# What ACNH resources do you use? [List of all Resources]



## Leann (May 7, 2020)

*What ACNH resources do you use?*
Thanks for everyone's replies so far. Let's build this into the one stop shop for all Animal Crossing New Horizons resources, guides, data, wiki, and information. Hopefully we will be able to help many new players and forum members  ^-^

*Please leave a comment if you found this to be helpful as a thanks to our many contributors!*

Remember to bookmark this thread so you can refer back to all these resources to help with your island adventures!

We will continually update this post as more people share their ACNH resources.

Here are the ones that I have found to be very useful so far as well as contributions from other forum members:

*✧·ﾟ: *✧·ﾟIsland Planner / Designer·ﾟ✧*:·ﾟ✧:*








						Happy Island Designer
					

Plan your dream island map. Made for Animal Crossing: New Horizons. Draw terrain and paths, place buildings, and trace your in-game map.




					eugeneration.github.io
				






			Island Planner by bubble wand games
		

Contributed by: Rosch







						Island planner for Animal Crossing New Horizons
					

Plan your Animal Crossing Island :)



					planimalcrossing.com
				



Contributed by: Brookie

*✧·ﾟ: *✧·ﾟIsland Queue·ﾟ✧*:·ﾟ✧:*





						Turnip Exchange - Your Animal Crossing Dodo Code Queue
					






					turnip.exchange
				



Contributed by: Hesper

*✧·ﾟ: *✧·ﾟTurnips·ﾟ✧*:·ﾟ✧:*





						Animal Crossing - Turnip Prophet
					

Animal Crossing - Turnip Prophet




					turnipprophet.io
				



Contributed by: MarkySharky









						Stalks.io Stalk Market Tracker
					

Get stalk price predictions, forecasts and advice for you and your friends' islands! Plus track all of your profits over time!




					stalks.io
				



Contributed by: stiney

*✧·ﾟ: *✧·ﾟItems·ﾟ✧*:·ﾟ✧:*





						Animal Crossing Item and Villager Database - VillagerDB
					

The largest Animal Crossing item, villager database and wishlist maker on the internet.




					villagerdb.com
				












						Nook Plaza - Item Catalog for Animal Crossing: New Horizons
					

Nook Plaza is an online fan-created platform for Animal Crossing: New Horizons, providing an items database as well as other tools for the game.




					nookplaza.net
				



Contributed by: mirukushake









						Nook Exchange
					

Organize your Animal Crossing catalog and make wishlists to share with friends!




					nook.exchange
				



Contributed by: kakuzu






						I made an Item Checklist!
					

Checklist of every item in the game!
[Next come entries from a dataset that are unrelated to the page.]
(* Let $c_2,c_3,c_4,c_6,v$ be independent indeterminates and set $\mu(v)=(\mu_1,\mu_2,\mu_3,\mu_4,\mu_6)=(0,\;3v+c_2,\;c_3,\;3v^2+2c_2v+c_4,\;v^3+c_2v^2+c_4v+c_6)$. Let $S(t,v)=s(t;\mu(v))$. Then \[ \frac{\partial S}{\partial v}=S\,\frac{\partial S}{\partial t}, \] and $S(t,0)=s_0(t)$, where $s_0(t)$ is the power series with $s_0(0)=0$ defined by $s_0=t^3+c_2t^2s_0+c_3s_0^2+c_4ts_0^2+c_6s_0^3$.
   Context: For parameters $\mu=(\mu_1,\mu_2,\mu_3,\mu_4,\mu_6)$, $s(t;\mu)$ denotes the unique formal power series in $t$ with $s(0;\mu)=0$ satisfying $s=t^3+\mu_1ts+\mu_2t^2s+\mu_3s^2+\mu_4ts^2+\mu_6s^3$ (the equation of the cubic $y^2+\mu_1xy+\mu_3y=x^3+\mu_2x^2+\mu_4x+\mu_6$ in Tate coordinates $t=-x/y$, $s=-1/y$). *)

From HB Require Import structures.
From mathcomp Require Import all_boot all_order all_algebra.
From mathcomp Require Export mpoly.
Set Implicit Arguments. Unset Strict Implicit. Unset Printing Implicit Defensive.
Import Order.TTheory GRing.Theory Num.Theory.
Local Open Scope ring_scope.

Section FPS.
Variable A : comRingType.

(* formal power series sum_n f n t^n *)
Definition fps := nat -> A.
Definition fadd (f g : fps) : fps := fun n => f n + g n.
Definition fmul (f g : fps) : fps := fun n => \sum_(i < n.+1) f i * g (n - i)%N.
Definition fscale (a : A) (f : fps) : fps := fun n => a * f n.
Definition fT : fps := fun n => (n == 1%N)%:R.
Definition fderiv (f : fps) : fps := fun n => f n.+1 *+ n.+1.

Definition is_tate_s (mu1 mu2 mu3 mu4 mu6 : A) (s : fps) : Prop :=
  s 0%N = 0 /\
  s = fadd (fmul fT (fmul fT fT))
      (fadd (fscale mu1 (fmul fT s))
      (fadd (fscale mu2 (fmul (fmul fT fT) s))
      (fadd (fscale mu3 (fmul s s))
      (fadd (fscale mu4 (fmul fT (fmul s s)))
            (fscale mu6 (fmul s (fmul s s))))))).
End FPS.

(* Coefficient ring: Z[c2,c3,c4,c6] = {mpoly int[4]} with c2 = 'X_0, c3 = 'X_1,
   c4 = 'X_2, c6 = 'X_3; the indeterminate v is the polynomial variable of
   {poly {mpoly int[4]}}. *)
Definition Cring := {mpoly int[4]}.
Definition c2 : Cring := 'X_(0 : 'I_4).
Definition c3 : Cring := 'X_(1 : 'I_4).
Definition c4 : Cring := 'X_(2 : 'I_4).
Definition c6 : Cring := 'X_(3 : 'I_4).
Definition Vring := {poly Cring}.
Definition v : Vring := 'X.

Definition mu1v : Vring := 0.
Definition mu2v : Vring := 3%:R * v + c2%:P.
Definition mu3v : Vring := c3%:P.
Definition mu4v : Vring := 3%:R * v ^+ 2 + 2%:R * c2%:P * v + c4%:P.
Definition mu6v : Vring := v ^+ 3 + c2%:P * v ^+ 2 + c4%:P * v + c6%:P.

Definition dv (S : fps Vring) : fps Vring := fun n => (S n)^`().
Definition at_v0 (S : fps Vring) : fps Cring := fun n => (S n).[0].

(** Write [S = F(t, S)] with [F(t, s) = t^3 + mu2 t^2 s + mu3 s^2 + mu4 t s^2 + mu6 s^3]
    ([mu1 = 0]). Differentiating in [v] and in [t] gives [S_v = F_v + F_s S_v] and
    [S_t = F_t + F_s S_t]. The derivatives [mu2' = 3], [mu3' = 0], [mu4' = 2 mu2] and
    [mu6' = mu4] are exactly what makes [F_v = s F_t], so [E = S_v - S S_t] satisfies
    [E = F_s E]; since [F_s] has no constant term, [E = 0]. At [v = 0]: evaluating the
    coefficients is a ring morphism sending [mu(v)] to [(0, c2, c3, c4, c6)], and the
    equation has a unique solution with zero constant term. *)
From HB Require Import structures.
From mathcomp Require Import all_boot all_order all_algebra.
From Stdlib Require Import FunctionalExtensionality Ring.
Set Implicit Arguments. Unset Strict Implicit. Unset Printing Implicit Defensive.
Import GRing.Theory.
Local Open Scope ring_scope.

Lemma eq_coefMl (R : comRingType) (p q r : {poly R}) n :
  (forall i, (i <= n)%N -> p`_i = q`_i) -> (p * r)`_n = (q * r)`_n.
Proof. by move=> eq_pq; rewrite !coefM; apply: eq_bigr => i _; rewrite eq_pq // -ltnS. Qed.

Definition fps_map (A B : comRingType) (phi : A -> B) (f : fps A) : fps B :=
  fun n => phi (f n).

Section FormalPowerSeries.
Variable A : comRingType.
Implicit Types (f g h k : fps A) (a : A).

Definition fcst a : fps A := fun n => if n is 0%N then a else 0.
Definition fzero : fps A := fun _ => 0.
Definition fone : fps A := fcst 1.
Definition fopp f : fps A := fun n => - f n.
Definition fsub f g : fps A := fadd f (fopp g).
Definition ftrunc (N : nat) f : {poly A} := \poly_(i < N) f i.

Lemma coef_ftrunc N f i : (i < N)%N -> (ftrunc N f)`_i = f i.
Proof. by move=> ltiN; rewrite coef_poly ltiN. Qed.

Lemma fmul_ftrunc N f g n : (n < N)%N -> fmul f g n = (ftrunc N f * ftrunc N g)`_n.
Proof.
move=> ltnN; rewrite coefM; apply: eq_bigr => i _.
by rewrite !coef_ftrunc // (leq_ltn_trans _ ltnN) ?leq_subr // -ltnS.
Qed.

Lemma fmulC f g : fmul f g = fmul g f.
Proof. by apply: functional_extensionality => n; rewrite !(@fmul_ftrunc n.+1) // mulrC. Qed.

Lemma fmulA f g h : fmul f (fmul g h) = fmul (fmul f g) h.
Proof.
apply: functional_extensionality => n.
have trunc_fmul f1 f2 i : (i <= n)%N ->
    (ftrunc n.+1 (fmul f1 f2))`_i = (ftrunc n.+1 f1 * ftrunc n.+1 f2)`_i.
  by move=> lein; rewrite coef_ftrunc // -fmul_ftrunc.
rewrite !(@fmul_ftrunc n.+1) // [RHS](eq_coefMl _ (trunc_fmul f g)).
by rewrite mulrC (eq_coefMl _ (trunc_fmul g h)) mulrC mulrA.
Qed.

Lemma fmulDl f g h : fmul (fadd f g) h = fadd (fmul f h) (fmul g h).
Proof.
apply: functional_extensionality => n; rewrite /fmul /fadd -big_split /=.
by apply: eq_bigr => i _; rewrite mulrDl.
Qed.

Lemma fmul_fcst a f : fmul (fcst a) f = fscale a f.
Proof.
apply: functional_extensionality => n; rewrite /fmul big_ord_recl /= subn0.
by rewrite big1 ?addr0 // => i _; rewrite mul0r.
Qed.

Lemma fps_ring_theory : ring_theory fzero fone (@fadd A) (@fmul A) fsub fopp eq.
Proof.
split=> [f|f g|f g h|f|f g|f g h|f g h|//|f].
- by apply: functional_extensionality => n; rewrite /fadd add0r.
- by apply: functional_extensionality => n; rewrite /fadd addrC.
- by apply: functional_extensionality => n; rewrite /fadd addrA.
- by rewrite /fone fmul_fcst; apply: functional_extensionality => n; rewrite /fscale mul1r.
- exact: fmulC.
- exact: fmulA.
- exact: fmulDl.
- by apply: functional_extensionality => n; rewrite /fadd /fopp subrr.
Qed.

Add Ring fps_ring : fps_ring_theory.

Lemma fcst0 : fcst 0 = fzero.
Proof. by apply: functional_extensionality => -[|n]. Qed.

Lemma fcstD a b : fcst (a + b) = fadd (fcst a) (fcst b).
Proof. by apply: functional_extensionality => -[|n] //; rewrite /fadd addr0. Qed.

Lemma fcstM a b : fcst (a * b) = fmul (fcst a) (fcst b).
Proof.
rewrite fmul_fcst; apply: functional_extensionality => -[|n] //.
by rewrite /fscale mulr0.
Qed.

Lemma fcst_natr n : fcst n%:R = iter n (fadd fone) fzero.
Proof. by elim: n => [|n IHn]; rewrite ?mulr0n ?fcst0 // mulrS fcstD IHn. Qed.

Lemma fmul_coef0 f g : fmul f g 0 = f 0%N * g 0%N.
Proof. by rewrite /fmul big_ord1. Qed.

Lemma fT_coef0 : fT A 0 = 0.
Proof. by []. Qed.

Lemma fderivD f g : fderiv (fadd f g) = fadd (fderiv f) (fderiv g).
Proof. by apply: functional_extensionality => n; rewrite /fderiv /fadd mulrnDl. Qed.

Lemma fderivM f g : fderiv (fmul f g) = fadd (fmul (fderiv f) g) (fmul f (fderiv g)).
Proof.
apply: functional_extensionality => n.
have trunc_fderiv f1 i : (i <= n)%N ->
    (ftrunc n.+2 f1)^`()`_i = (ftrunc n.+2 (fderiv f1))`_i.
  by move=> lein; rewrite coef_deriv !coef_ftrunc // ltnS ltnW.
rewrite /fderiv /fadd (@fmul_ftrunc n.+2) // -coef_deriv derivM coefD.
rewrite !(@fmul_ftrunc n.+2) // (eq_coefMl _ (trunc_fderiv f)); congr (_ + _).
by rewrite mulrC (eq_coefMl _ (trunc_fderiv g)) mulrC.
Qed.

Lemma fderivZ a f : fderiv (fscale a f) = fscale a (fderiv f).
Proof. by apply: functional_extensionality => n; rewrite /fderiv /fscale mulrnAr. Qed.

Lemma fderivT : fderiv (fT A) = fone.
Proof. by apply: functional_extensionality => -[|n]; rewrite /fderiv /fT //= mul0rn. Qed.

Lemma fsub_eq0 f g : fsub f g = fzero -> f = g.
Proof. by move=> fg0; transitivity (fadd (fsub f g) g); [ring | rewrite fg0; ring]. Qed.

(** Coefficient [n] of [f k] is [f n * k 0] plus terms involving only lower
    coefficients of [f], so [f = 0] by strong induction. *)
Lemma fixed_fmulr_eq0 f k : f = fmul f k -> k 0%N = 0 -> f = fzero.
Proof.
move=> f_fixed k0; apply: functional_extensionality => n; elim/ltn_ind: n => n IHn.
rewrite f_fixed /fmul big_ord_recr /= subnn k0 mulr0 addr0.
by apply: big1 => i _; rewrite IHn ?mul0r.
Qed.

Definition tate_rhs (m1 m2 m3 m4 m6 : A) (s : fps A) : fps A :=
  fadd (fmul (fT A) (fmul (fT A) (fT A)))
      (fadd (fscale m1 (fmul (fT A) s))
      (fadd (fscale m2 (fmul (fmul (fT A) (fT A)) s))
      (fadd (fscale m3 (fmul s s))
      (fadd (fscale m4 (fmul (fT A) (fmul s s)))
            (fscale m6 (fmul s (fmul s s))))))).

Lemma is_tate_sE m1 m2 m3 m4 m6 s :
  is_tate_s m1 m2 m3 m4 m6 s <-> s 0%N = 0 /\ s = tate_rhs m1 m2 m3 m4 m6 s.
Proof. by []. Qed.

Section Uniqueness.
Variables m1 m2 m3 m4 m6 : A.

(** [(F(t, s) - F(t, s')) / (s - s')] for the right-hand side [F = tate_rhs]. *)
Definition tate_rhs_dq (s s' : fps A) : fps A :=
  fadd (fscale m1 (fT A))
  (fadd (fscale m2 (fmul (fT A) (fT A)))
  (fadd (fscale m3 (fadd s s'))
  (fadd (fscale m4 (fmul (fT A) (fadd s s')))
        (fscale m6 (fadd (fmul s s) (fadd (fmul s s') (fmul s' s'))))))).

Lemma tate_rhsB s s' :
  fsub (tate_rhs m1 m2 m3 m4 m6 s) (tate_rhs m1 m2 m3 m4 m6 s') =
  fmul (fsub s s') (tate_rhs_dq s s').
Proof. rewrite /tate_rhs /tate_rhs_dq -!fmul_fcst; ring. Qed.

Lemma tate_rhs_dq_coef0 s s' : s 0%N = 0 -> s' 0%N = 0 -> tate_rhs_dq s s' 0%N = 0.
Proof.
move=> s0 s'0; rewrite /tate_rhs_dq /fadd /fscale !fmul_coef0 s0 s'0 fT_coef0.
by rewrite !(mulr0, addr0).
Qed.

Lemma is_tate_s_uniq s s' :
  is_tate_s m1 m2 m3 m4 m6 s -> is_tate_s m1 m2 m3 m4 m6 s' -> s = s'.
Proof.
move=> /is_tate_sE[s0 eq_s] /is_tate_sE[s'0 eq_s']; apply: fsub_eq0.
apply: fixed_fmulr_eq0 (tate_rhs_dq_coef0 s0 s'0).
by rewrite -tate_rhsB -eq_s -eq_s'.
Qed.

End Uniqueness.

Section Derivation.
Variable d : {additive A -> A}.
Hypothesis derM : forall a b, d (a * b) = d a * b + a * d b.

Lemma derivation_natr n : d n%:R = 0.
Proof.
have /eqP := derM 1 1.
rewrite !(mulr1, mul1r) -{1}[d 1]addr0 (inj_eq (addrI _)) eq_sym => /eqP d1.
by rewrite raddfMn d1 mul0rn.
Qed.

Lemma fps_map_derD f g : fps_map d (fadd f g) = fadd (fps_map d f) (fps_map d g).
Proof. by apply: functional_extensionality => n; rewrite /fps_map /fadd raddfD. Qed.

Lemma fps_map_derM f g :
  fps_map d (fmul f g) = fadd (fmul (fps_map d f) g) (fmul f (fps_map d g)).
Proof.
apply: functional_extensionality => n; rewrite /fps_map /fadd /fmul raddf_sum -big_split.
by apply: eq_bigr => i _; rewrite derM.
Qed.

Lemma fps_map_derZ a f :
  fps_map d (fscale a f) = fadd (fscale (d a) f) (fscale a (fps_map d f)).
Proof. by apply: functional_extensionality => n; rewrite /fps_map /fadd /fscale derM. Qed.

Lemma fps_map_derT : fps_map d (fT A) = fzero.
Proof. by apply: functional_extensionality => n; rewrite /fps_map /fT derivation_natr. Qed.

Variables m2 m3 m4 m6 : A.
Hypotheses (dm2 : d m2 = 3%:R) (dm3 : d m3 = 0) (dm4 : d m4 = 2%:R * m2) (dm6 : d m6 = m4).

Definition tate_rhs_ds (s : fps A) : fps A :=
  fadd (fscale m2 (fmul (fT A) (fT A)))
  (fadd (fscale (2%:R * m3) s)
  (fadd (fscale (2%:R * m4) (fmul (fT A) s))
        (fscale (3%:R * m6) (fmul s s)))).

Definition tate_rhs_dt (s : fps A) : fps A :=
  fadd (fscale 3%:R (fmul (fT A) (fT A)))
  (fadd (fscale (2%:R * m2) (fmul (fT A) s))
        (fscale m4 (fmul s s))).

Lemma tate_rhs_ds_coef0 s : s 0%N = 0 -> tate_rhs_ds s 0%N = 0.
Proof.
move=> s0; rewrite /tate_rhs_ds /fadd /fscale !fmul_coef0 s0 fT_coef0.
by rewrite !(mulr0, addr0).
Qed.

Lemma fps_map_der_tate_rhs s :
  fps_map d (tate_rhs 0 m2 m3 m4 m6 s) =
  fadd (fmul s (tate_rhs_dt s)) (fmul (tate_rhs_ds s) (fps_map d s)).
Proof.
rewrite /tate_rhs !(fps_map_derD, fps_map_derM, fps_map_derZ) fps_map_derT.
rewrite raddf0 dm2 dm3 dm4 dm6 /tate_rhs_dt /tate_rhs_ds -!fmul_fcst.
rewrite !(fcstM, fcst_natr) fcst0 /=; ring.
Qed.

Lemma fderiv_tate_rhs s :
  fderiv (tate_rhs 0 m2 m3 m4 m6 s) =
  fadd (tate_rhs_dt s) (fmul (tate_rhs_ds s) (fderiv s)).
Proof.
rewrite /tate_rhs !(fderivD, fderivM, fderivZ) fderivT /tate_rhs_dt /tate_rhs_ds -!fmul_fcst.
rewrite !(fcstM, fcst_natr) fcst0 /=; ring.
Qed.

Lemma is_tate_s_burgers S : is_tate_s 0 m2 m3 m4 m6 S -> fps_map d S = fmul S (fderiv S).
Proof.
move=> /is_tate_sE[S0 eq_S]; apply: fsub_eq0.
apply: fixed_fmulr_eq0 (tate_rhs_ds_coef0 S0).
have eq_dS :
    fps_map d S = fadd (fmul S (tate_rhs_dt S)) (fmul (tate_rhs_ds S) (fps_map d S)).
  by rewrite -fps_map_der_tate_rhs -eq_S.
have eq_S' : fderiv S = fadd (tate_rhs_dt S) (fmul (tate_rhs_ds S) (fderiv S)).
  by rewrite -fderiv_tate_rhs -eq_S.
rewrite {1}eq_dS {1}eq_S'; ring.
Qed.

End Derivation.
End FormalPowerSeries.

Section CoefficientMorphism.
Variables (A B : comRingType) (phi : {rmorphism A -> B}).

Lemma fps_mapD f g : fps_map phi (fadd f g) = fadd (fps_map phi f) (fps_map phi g).
Proof. by apply: functional_extensionality => n; rewrite /fps_map /fadd rmorphD. Qed.

Lemma fps_mapM f g : fps_map phi (fmul f g) = fmul (fps_map phi f) (fps_map phi g).
Proof.
apply: functional_extensionality => n; rewrite /fps_map /fmul rmorph_sum.
by apply: eq_bigr => i _; rewrite rmorphM.
Qed.

Lemma fps_mapZ a f : fps_map phi (fscale a f) = fscale (phi a) (fps_map phi f).
Proof. by apply: functional_extensionality => n; rewrite /fps_map /fscale rmorphM. Qed.

Lemma fps_mapT : fps_map phi (fT A) = fT B.
Proof. by apply: functional_extensionality => n; rewrite /fps_map /fT rmorph_nat. Qed.

Lemma is_tate_s_map m1 m2 m3 m4 m6 n1 n2 n3 n4 n6 s :
  phi m1 = n1 -> phi m2 = n2 -> phi m3 = n3 -> phi m4 = n4 -> phi m6 = n6 ->
  is_tate_s m1 m2 m3 m4 m6 s -> is_tate_s n1 n2 n3 n4 n6 (fps_map phi s).
Proof.
move=> <- <- <- <- <- /is_tate_sE[s0 eq_s]; split; first by rewrite /fps_map s0 rmorph0.
by rewrite {1}eq_s /tate_rhs !(fps_mapD, fps_mapM, fps_mapZ) fps_mapT.
Qed.

End CoefficientMorphism.

Lemma mu2v_deriv : mu2v^`() = 3%:R.
Proof. by rewrite /mu2v /v !derivE !(add0r, mul0r, addr0). Qed.

Lemma mu3v_deriv : mu3v^`() = 0.
Proof. exact: derivC. Qed.

Lemma mu4v_deriv : mu4v^`() = 2%:R * mu2v.
Proof.
rewrite /mu4v /mu2v /v !derivE !(add0r, mul0r, mulr0, mulr1, addr0) expr1.
by rewrite mulrnAr mulrDr !mulr_natl.
Qed.

Lemma mu6v_deriv : mu6v^`() = mu4v.
Proof. by rewrite /mu6v /mu4v /v !derivE expr1 mulr1 addr0 mulrnAr !mulr_natl mulrnAl. Qed.

Lemma mu1v_at0 : mu1v.[0] = 0.
Proof. exact: horner0. Qed.

Lemma mu2v_at0 : mu2v.[0] = c2.
Proof.
rewrite /mu2v !(hornerD, hornerM, hornerX, hornerC, horner_exp, hornerMn).
by rewrite ?(expr0n, mul0r, mulr0, add0r).
Qed.

Lemma mu3v_at0 : mu3v.[0] = c3.
Proof. exact: hornerC. Qed.

Lemma mu4v_at0 : mu4v.[0] = c4.
Proof.
rewrite /mu4v !(hornerD, hornerM, hornerX, hornerC, horner_exp, hornerMn).
by rewrite ?(expr0n, mul0r, mulr0, add0r).
Qed.

Lemma mu6v_at0 : mu6v.[0] = c6.
Proof.
rewrite /mu6v !(hornerD, hornerM, hornerX, hornerC, horner_exp, hornerMn).
by rewrite ?(expr0n, mul0r, mulr0, add0r).
Qed.

Theorem mainTheorem6 (S : fps Vring) (s0 : fps Cring) :
  is_tate_s mu1v mu2v mu3v mu4v mu6v S ->
  is_tate_s 0 c2 c3 c4 c6 s0 ->
  dv S = fmul S (fderiv S) /\ at_v0 S = s0.
Proof.
move=> tate_S tate_s0; split.
  exact: (is_tate_s_burgers (A := Vring) (d := deriv) (@derivM _)
    mu2v_deriv mu3v_deriv mu4v_deriv mu6v_deriv tate_S).
apply: is_tate_s_uniq tate_s0.
exact: (@is_tate_s_map Vring Cring (horner_eval 0) _ _ _ _ _ _ _ _ _ _ _
  mu1v_at0 mu2v_at0 mu3v_at0 mu4v_at0 mu6v_at0 tate_S).
Qed.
I couldn't find any Item Checklists with all the tools and other non-catalogables so I made my own. There's a few items omitted like the construction kits and fresh turnips because you can't realistically collect them without halting progression or they...



					www.belltreeforums.com
				



Contributed by: Kalene

*✧·ﾟ: *✧·ﾟBugs / Fish Tracker·ﾟ✧*:·ﾟ✧:*





						Animal Crossing Catch Guide
					






					ac-catch.com
				



Contributed by: SinnerTheCat






						BetSlot: Situs judi slot terbaik dan terpercaya no 1 Indonesia
					

BetSlot adalah situs judi slot terbaik dan terpercaya nomor 1 Indonesia untuk semua permainan judi online. Dapatkan bonus tertinggi dan jackpot tanpa limit.




					nooksisland.com
				



Contributed by: Kindra

*✧·ﾟ: *✧·ﾟFlower Breeding·ﾟ✧*:·ﾟ✧:*
https://youtu.be/bd1ECcG9pmwContributed by: moonnoodle 










						Flower Breeding Simulator
					

A fancy tool to simulate flower breeding and pattern performance.




					gardenscience.ac
				



Contributed by: mirukushake









						ACNH Advanced Flower Genetics
					

ACNH Flower Genetics Guide By Paleh  Update: Thanks to data mining from Aeter (Aeter#9823 on Discord), we now know the genes of all the New Horizon flower species! Huge thanks for getting this info! This guide has been updated with all the new gene data for all species.  Animal Crossing New Horiz...




					docs.google.com
				



Contributed by: flurrybuster






						ACNH Guide On Hybrids
					

I highly recommend bookmarking this thread, as it gets lost very quickly!  Also, if you have any questions, feel free to reply and tag me (@Khaelis) in your post, or send me a DM/Conversation.  I'll respond as soon as I am able.   Hello, and welcome to my guide on hybrids for Animal Crossing...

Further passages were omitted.